Dataset excerpts:

- - -

(* [has_sum f S]: the (possibly infinite) family (f x)_{x : T} sums to S in the
   sense of nets of finite partial sums (unconditional convergence). *)
Definition has_sum (T : eqType) (f : T -> C) (S : C) : Prop :=
  forall eps : R, 0 < eps -> exists F0 : seq T,
    forall F : seq T, uniq F -> {subset F0 <= F} ->
      `| \sum_(x <- F) f x - S | < eps%:C%C.

Definition abs_summable (T : eqType) (f : T -> C) : Prop :=
  exists M : R, forall F : seq T, uniq F -> \sum_(x <- F) `| f x | <= M%:C%C.

(* the value of the sum (the unique S with has_sum f S, if any; 0 otherwise) *)
Definition csum (T : eqType) (f : T -> C) : C := classical_sets.xget 0 (fun S => has_sum f S).

End ComplexAnalysis.

Section PEPS.
Variable R : realType.
Local Notation C := R[i].

(* The finite graph G = (V, E): every edge e has two distinct end points
   src e, tgt e (the orientation is only a bookkeeping device). *)
Variables (V E : finType) (src tgt : E -> V).

Definition simple_graph : Prop :=
  (forall e, src e != tgt e) /\
  (forall e e', [set src e; tgt e] = [set src e'; tgt e'] -> e = e').

Definition incident (v : V) (e : E) : bool := (src e == v) || (tgt e == v).

(* virtual (bond) index space of each edge, physical space of each site *)
Variables (I : E -> finType) (P : V -> finType).

Definition vconf := {dffun forall e : E, I e}.
Definition pconf := {dffun forall v : V, P v}.
(* For every $n\ge 9$, the graph $G_n$ is not an IP-SEG graph.
   Context: Let $L_1$ and $L_2$ be two distinct parallel horizontal lines in the plane. A closed straight line segment is an interval segment if both of its endpoints lie on the same line $L_i$, and a permutation segment if one endpoint lies on $L_1$ and the other on $L_2$. An IP-SEG model is a finite family of interval and permutation segments; its intersection graph has one vertex per segment, adjacent iff the segments intersect. A graph is an IP-SEG graph if it is isomorphic to the intersection graph of an IP-SEG model. For $n\ge 3$, $G_n$ is the graph on $3n$ vertices $v_1,\dots,v_n,w_1,\dots,w_n,z_1,\dots,z_n$ whose edges are $v_iv_{i+1}$ (indices mod $n$), $v_iw_i$ and $w_iz_i$ for $1\le i\le n$, and no others. *)

From Stdlib Require Import Reals List.
Open Scope R_scope.

Definition point := (R * R)%type.
Definition segment := (point * point)%type.

Definition on_hline (c : R) (p : point) : Prop := snd p = c.

Definition in_segment (p : point) (s : segment) : Prop :=
  exists t : R, 0 <= t <= 1 /\
    fst p = (1 - t) * fst (fst s) + t * fst (snd s) /\
    snd p = (1 - t) * snd (fst s) + t * snd (snd s).

Definition segments_intersect (s1 s2 : segment) : Prop :=
  exists p : point, in_segment p s1 /\ in_segment p s2.

(* L1 : y = y1, L2 : y = y2. *)
Definition interval_segment (y1 y2 : R) (s : segment) : Prop :=
  fst s <> snd s /\
  ((on_hline y1 (fst s) /\ on_hline y1 (snd s)) \/
   (on_hline y2 (fst s) /\ on_hline y2 (snd s))).

Definition permutation_segment (y1 y2 : R) (s : segment) : Prop :=
  (on_hline y1 (fst s) /\ on_hline y2 (snd s)) \/
  (on_hline y2 (fst s) /\ on_hline y1 (snd s)).

Definition IP_SEG_model (y1 y2 : R) (M : list segment) : Prop :=
  Forall (fun s => interval_segment y1 y2 s \/ permutation_segment y1 y2 s) M.

Definition default_segment : segment := ((0, 0), (0, 0)).

Definition ig_vertex (M : list segment) : Type := { k : nat | (k < length M)%nat }.

Definition ig_adj (M : list segment) (u v : ig_vertex M) : Prop :=
  proj1_sig u <> proj1_sig v /\
  segments_intersect (nth (proj1_sig u) M default_segment)
                     (nth (proj1_sig v) M default_segment).
(* For every closed term $t$ over $\Sigma$, the term graph $\mathcal{G}(t)$ is constructor-shared. Moreover, if $G$ is a closed, constructor-shared term graph and $G\rightarrow I$ in the constructor graph rewrite system corresponding to a constructor rewrite system $R$ over $\Sigma$, then $I$ is constructor-shared.
   Context: A constructor rewrite system $R$ over a signature $\Sigma$ (symbols are constructors or function symbols, with arities) consists of rules $\mathbf{f}(p_1,\dots,p_n)\rightarrow t$ with $\mathbf{f}$ a function symbol, $p_i$ patterns (constructors and variables), assumed orthogonal (linear, non-overlapping left-hand sides). A labelled graph is $(V,\alpha,\delta)$: finite $V$, ordered successor lists $\alpha:V\to V^*$, partial labelling $\delta:V\rightharpoonup\Sigma$ with the number of successors equal to the arity of the label (0 if unlabelled), acyclic; it is closed if $\delta$ is total; a term graph additionally has a root; term graphs are taken up to isomorphism. Homomorphisms preserve labels and successor lists of labelled vertices (and root). A path is a constructor path if all its vertices are labelled by constructors; a left path if its first vertex is labelled by a function symbol and the others by constructors or unlabelled. A graph rewrite rule $(H,r,s)$ has every path from $r$ a left path. A redex in $G$: a rule with a homomorphism $\varphi:H|_r\to G$ ($H|_r$ = vertices reachable from $r$, root $r$) such that every path from $\varphi(v)$, for $v$ unlabelled in $H|_r$, is a constructor path. Firing: add a fresh copy of the vertices of $H$ reachable from $s$ but not from $r$ (successors in $H|_r$ replaced by their $\varphi$-images); redirect every edge into $\varphi(r)$, and the root if it is $\varphi(r)$, to the copy of $s$ (to $\varphi(s)$ if $s$ is reachable from $r$); remove vertices unreachable from the root; the result is $I$, written $G\rightarrow I$. $\mathcal{G}(t)$ is the tree term graph with one vertex per symbol occurrence in $t$. A term rule $l\rightarrow r$ corresponds to the graph rule obtained from the disjoint union of the trees of $l$ and $r$ by identifying vertices of the same variable, left root = root of $l$, right root = root of $r$; the constructor graph rewrite system corresponding to $R$ is the set of these graph rules. A term graph is constructor-shared if whenever a vertex can be reached from the root by two distinct paths, every path starting at that vertex is a constructor path. *)

From Stdlib Require List.
From mathcomp Require Import all_boot.
Set Implicit Arguments.
Unset Strict Implicit.
Unset Printing Implicit Defensive.

Record signature := Signature {
  sym : Type;
  arity : sym -> nat;
  is_con : sym -> bool }.

Section Terms.
Variable S : signature.

Inductive term := Var of nat | App of sym S & seq term.

(* well-formed w.r.t. arities (a term "over Sigma") *)
Fixpoint wft (t : term) : bool :=
  match t with
  | Var _ => true
  | App f ts => (size ts == arity f) && all wft ts
  end.

Fixpoint vars (t : term) : seq nat :=
  match t with
  | Var x => [:: x]
  | App _ ts => flatten (map vars ts)
  end.

Definition closed_term (t : term) : bool := wft t && (vars t == [::]).

Fixpoint is_pat (t : term) : bool :=
  match t with
  | Var _ => true
  | App f ts => is_con f && all is_pat ts
  end.

Fixpoint subst (sigma : nat -> term) (t : term) : term :=
  match t with
  | Var x => sigma x
  | App f ts => App f (map (subst sigma) ts)
  end.
Lemma C_nn n : C n n = 1.
Proof. unfold C; rewrite Nat.sub_diag; simpl. field. apply INR_fact_neq_0. Qed.

Lemma C_nonneg n i : 0 <= C n i.
Proof.
  unfold C. apply Rle_mult_inv_pos; [apply pos_INR|].
  apply Rmult_lt_0_compat; apply INR_fact_lt_0.
Qed.

Lemma C_SS N i : C (S N) (S i) = INR (S N) / INR (S i) * C N i.
Proof.
  unfold C. rewrite !fact_simpl, !mult_INR. simpl (S N - S i)%nat.
  assert (INR (S i) <> 0) by (apply not_0_INR; lia).
  assert (INR (S N) <> 0) by (apply not_0_INR; lia).
  pose proof (INR_fact_neq_0 i). pose proof (INR_fact_neq_0 (N - i)).
  pose proof (INR_fact_neq_0 N).
  field. repeat split; auto.
Qed.

Section BinomialExpectation.
Variable p : R.

Lemma binom_expect_ext N F G : (forall i, F i = G i) -> binom_expect p N F = binom_expect p N G.
Proof. intros H; unfold binom_expect; apply rsum_ext; intros; rewrite H; ring. Qed.

Lemma binom_expect_plus N F G :
  binom_expect p N (fun i => F i + G i) = binom_expect p N F + binom_expect p N G.
Proof. unfold binom_expect. rewrite <- rsum_plus. apply rsum_ext; intros; ring. Qed.

Lemma binom_expect_scal N c F : binom_expect p N (fun i => c * F i) = c * binom_expect p N F.
Proof. unfold binom_expect. rewrite <- rsum_scal. apply rsum_ext; intros; ring. Qed.

Lemma binom_expect_minus N F G :
  binom_expect p N (fun i => F i - G i) = binom_expect p N F - binom_expect p N G.
Proof.
  rewrite (binom_expect_ext N _ (fun i => F i + (-1) * G i)) by (intros; ring).
  rewrite binom_expect_plus, binom_expect_scal. ring.
Qed.

Lemma binom_expect_rsum N a n G :
  binom_expect p N (fun i => rsum a n (G i)) = rsum a n (fun j => binom_expect p N (fun i => G i j)).
Proof.
  unfold binom_expect. rewrite <- rsum_swap. apply rsum_ext; intros. rewrite <- rsum_scal. reflexivity.
Qed.

(* Pascal's rule: Bin(N + 1) is Bin(N) plus an independent Bernoulli(p). *)
Lemma binom_expect_S N F :
  binom_expect p (S N) F = (1 - p) * binom_expect p N F + p * binom_expect p N (fun i => F (S i)).
Proof.
  unfold binom_expect. rewrite rsum_S, rsum_shift, rsum_last.
  rewrite (rsum_S 0 N (fun i => binom_weight p N i * F i)), rsum_shift.
  rewrite (rsum_last 0 N (fun i => binom_weight p N i * F (S i))).
  rewrite (rsum_ext 0 N (fun i => binom_weight p (S N) (S i) * F (S i))
            (fun i => p * (binom_weight p N i * F (S i))
                      + (1 - p) * (binom_weight p N (S i) * F (S i)))).
  2:{ intros i Hi. unfold binom_weight. rewrite <- pascal by lia.
      replace (S N - S i)%nat with (S (N - S i)) by lia.
      replace (N - i)%nat with (S (N - S i)) by lia. simpl. ring. }
  rewrite rsum_plus, !rsum_scal.
  unfold binom_weight. rewrite !C_n0, !Nat.add_0_l, !C_nn, !Nat.sub_diag, !Nat.sub_0_r. simpl. ring.
Qed.

Hypothesis p_ge0 : 0 <= p.
Hypothesis p_le1 : p <= 1.

Lemma binom_weight_nonneg N i : 0 <= binom_weight p N i.
Proof.
  unfold binom_weight.
  apply Rmult_le_pos; [apply Rmult_le_pos|]; [apply C_nonneg| |]; apply pow_le; lra.
Qed.

Lemma binom_expect_le N F G : (forall i, F i <= G i) -> binom_expect p N F <= binom_expect p N G.
Proof.
  intros H; unfold binom_expect; apply rsum_le; intros.
  apply Rmult_le_compat_l; [apply binom_weight_nonneg|apply H].
Qed.

Lemma binom_expect_abs N F : Rabs (binom_expect p N F) <= binom_expect p N (fun i => Rabs (F i)).
Proof.
  unfold binom_expect. eapply Rle_trans; [apply rsum_abs|]. apply rsum_le; intros.
  rewrite Rabs_mult, (Rabs_right (binom_weight p N i)); [lra|].
  apply Rle_ge, binom_weight_nonneg.
Qed.

End BinomialExpectation.

(** * Growth of the central moments *)

Definition bernoulli_moment (p : R) (t : nat) : R := (1 - p) * (- p) ^ t + p * (1 - p) ^ t.

Lemma mu_S p k N :
  mu p k (S N) = rsum 0 (S k) (fun j => C k j * bernoulli_moment p (k - j) * mu p j N).
Proof.
  rewrite mu_binom_expect, binom_expect_S.
  rewrite (binom_expect_ext p N _ (fun i => rsum 0 (S k)
             (fun j => C k j * (INR i - INR N * p) ^ j * (- p) ^ (k - j)))).
  2:{ intros i. rewrite <- sum_f_R0_rsum, <- binomial. rewrite ?S_INR; f_equal; ring. }
  rewrite (binom_expect_ext p N (fun i => (INR (S i) - INR (S N) * p) ^ k)
             (fun i => rsum 0 (S k) (fun j => C k j * (INR i - INR N * p) ^ j * (1 - p) ^ (k - j)))).
  2:{ intros i. rewrite <- sum_f_R0_rsum, <- binomial. rewrite ?S_INR; f_equal; ring. }
  rewrite !binom_expect_rsum, <- !rsum_scal, <- rsum_plus. apply rsum_ext; intros j _.
  rewrite (binom_expect_ext p N _ (fun i => (C k j * (-p) ^ (k - j)) * (INR i - INR N * p) ^ j))
    by (intros; ring).
  rewrite (binom_expect_ext p N (fun i => C k j * (INR i - INR N * p) ^ j * (1 - p) ^ (k - j))
             (fun i => (C k j * (1 - p) ^ (k - j)) * (INR i - INR N * p) ^ j)) by (intros; ring).
  rewrite !binom_expect_scal, <- !mu_binom_expect. unfold bernoulli_moment. ring.
Qed.

(* The terms j = k and j = k - 1 of the recursion cancel against mu_k(N) and
   vanish, the Bernoulli moments of order 0 and 1 being 1 and 0. *)
Lemma mu_S_sub p k N :
  mu p k (S N) - mu p k N = rsum 0 (k - 1) (fun j => C k j * bernoulli_moment p (k - j) * mu p j N).
Proof.
  rewrite mu_S. destruct k as [|k].
  - unfold rsum; simpl. rewrite C_n0. unfold bernoulli_moment; simpl. ring.
  - rewrite rsum_last, rsum_last. simpl (0 + _)%nat. rewrite C_nn, Nat.sub_diag.
    replace (S k - k)%nat with 1%nat by lia. replace (S k - 1)%nat with k by lia.
    unfold bernoulli_moment; simpl. ring.
Qed.

Lemma pow_abs_le1 x t : Rabs x <= 1 -> Rabs (x ^ t) <= 1.
Proof.
  intros H. rewrite <- RPow_abs, <- (pow1 t). apply pow_incr. split; [apply Rabs_pos|lra].
Qed.

Lemma bernoulli_moment_abs_le1 p t : 0 <= p <= 1 -> Rabs (bernoulli_moment p t) <= 1.
Proof.
  intros Hp. unfold bernoulli_moment. eapply Rle_trans; [apply Rabs_triang|].
  rewrite !Rabs_mult, (Rabs_right (1 - p)), (Rabs_right p) by lra.
  assert (H1 : Rabs ((- p) ^ t) <= 1) by (apply pow_abs_le1; rewrite Rabs_Ropp, Rabs_right; lra).
  assert (H2 : Rabs ((1 - p) ^ t) <= 1) by (apply pow_abs_le1; rewrite Rabs_right; lra).
  pose proof (Rabs_pos ((- p) ^ t)). pose proof (Rabs_pos ((1 - p) ^ t)). nra.
Qed.

Lemma telescope_pow_bound (u : nat -> R) (B : R) (d : nat) : 0 <= B ->
  (forall N, Rabs (u (S N) - u N) <= B * INR (S N) ^ d) ->
  forall N, Rabs (u N) <= (Rabs (u 0%nat) + B) * INR (S N) ^ S d.
Proof.
  intros HB Hinc.
  assert (Hsum : forall N, Rabs (u N) <= Rabs (u 0%nat) + B * INR N ^ S d).
  { induction N as [|N IH].
    - simpl. rewrite Rmult_0_l, Rmult_0_r. lra.
    - assert (Htri : Rabs (u (S N)) <= Rabs (u N) + Rabs (u (S N) - u N)).
      { replace (u (S N)) with (u N + (u (S N) - u N)) at 1 by ring. apply Rabs_triang. }
      assert (Hpow : INR N ^ S d + INR (S N) ^ d <= INR (S N) ^ S d).
      { pose proof (pos_INR N). rewrite S_INR. simpl pow.
        assert (INR N ^ d <= (INR N + 1) ^ d) by (apply pow_incr; lra).
        pose proof (pow_le (INR N) d (pos_INR N)). nra. }
      specialize (Hinc N). nra. }
  intros N. pose proof (pos_INR N). pose proof (Rabs_pos (u 0%nat)).
  assert (H1 : 1 <= INR (S N) ^ S d) by (apply pow_R1_Rle; rewrite S_INR; lra).
  assert (H2 : INR N ^ S d <= INR (S N) ^ S d) by (apply pow_incr; rewrite S_INR; lra).
  specialize (Hsum N). nra.
Qed.

Section CentralMoments.
Variable p : R.
Hypothesis p_ge0 : 0 <= p.
Hypothesis p_le1 : p <= 1.

Lemma mu_S_sub_bound k K : 0 <= K ->
  (forall j N, (j < k)%nat -> Rabs (mu p j N) <= K * INR (S N) ^ (j / 2)) ->
  forall N, Rabs (mu p k (S N) - mu p k N)
            <= K * rsum 0 (k - 1) (C k) * INR (S N) ^ ((k - 2) / 2).
Proof.
  intros HK IH N. rewrite mu_S_sub. eapply Rle_trans; [apply rsum_abs|].
  rewrite Rmult_assoc, (Rmult_comm (rsum _ _ _)), <- Rmult_assoc, <- rsum_scal.
  apply rsum_le. intros j Hj. rewrite !Rabs_mult, (Rabs_right (C k j)) by (apply Rle_ge, C_nonneg).
  pose proof (bernoulli_moment_abs_le1 p (k - j) (conj p_ge0 p_le1)).
  pose proof (IH j N ltac:(lia)).
  assert (INR (S N) ^ (j / 2) <= INR (S N) ^ ((k - 2) / 2)).
  { apply Rle_pow; [rewrite S_INR; pose proof (pos_INR N); lra|].
    apply Nat.Div0.div_le_mono; lia. }
  pose proof (C_nonneg k j). pose proof (Rabs_pos (bernoulli_moment p (k - j))).
  pose proof (Rabs_pos (mu p j N)).
  assert (Rabs (bernoulli_moment p (k - j)) * Rabs (mu p j N) <= K * INR (S N) ^ ((k - 2) / 2))
    by nra.
  rewrite Rmult_assoc, (Rmult_comm (K * _)). apply Rmult_le_compat_l; lra.
Qed.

- - -

Reproduce the records above line by line, without any change, up to and including the line that holds "Definition abs_summable (T".

SOLVED PROBLEM:
(* [has_sum f S]: the (possibly infinite) family (f x)_{x : T} sums to S in the
   sense of nets of finite partial sums (unconditional convergence). *)
Definition has_sum (T : eqType) (f : T -> C) (S : C) : Prop :=
  forall eps : R, 0 < eps -> exists F0 : seq T,
    forall F : seq T, uniq F -> {subset F0 <= F} ->
      `| \sum_(x <- F) f x - S | < eps%:C%C.

Definition abs_summable (T : eqType) (f : T -> C) : Prop :=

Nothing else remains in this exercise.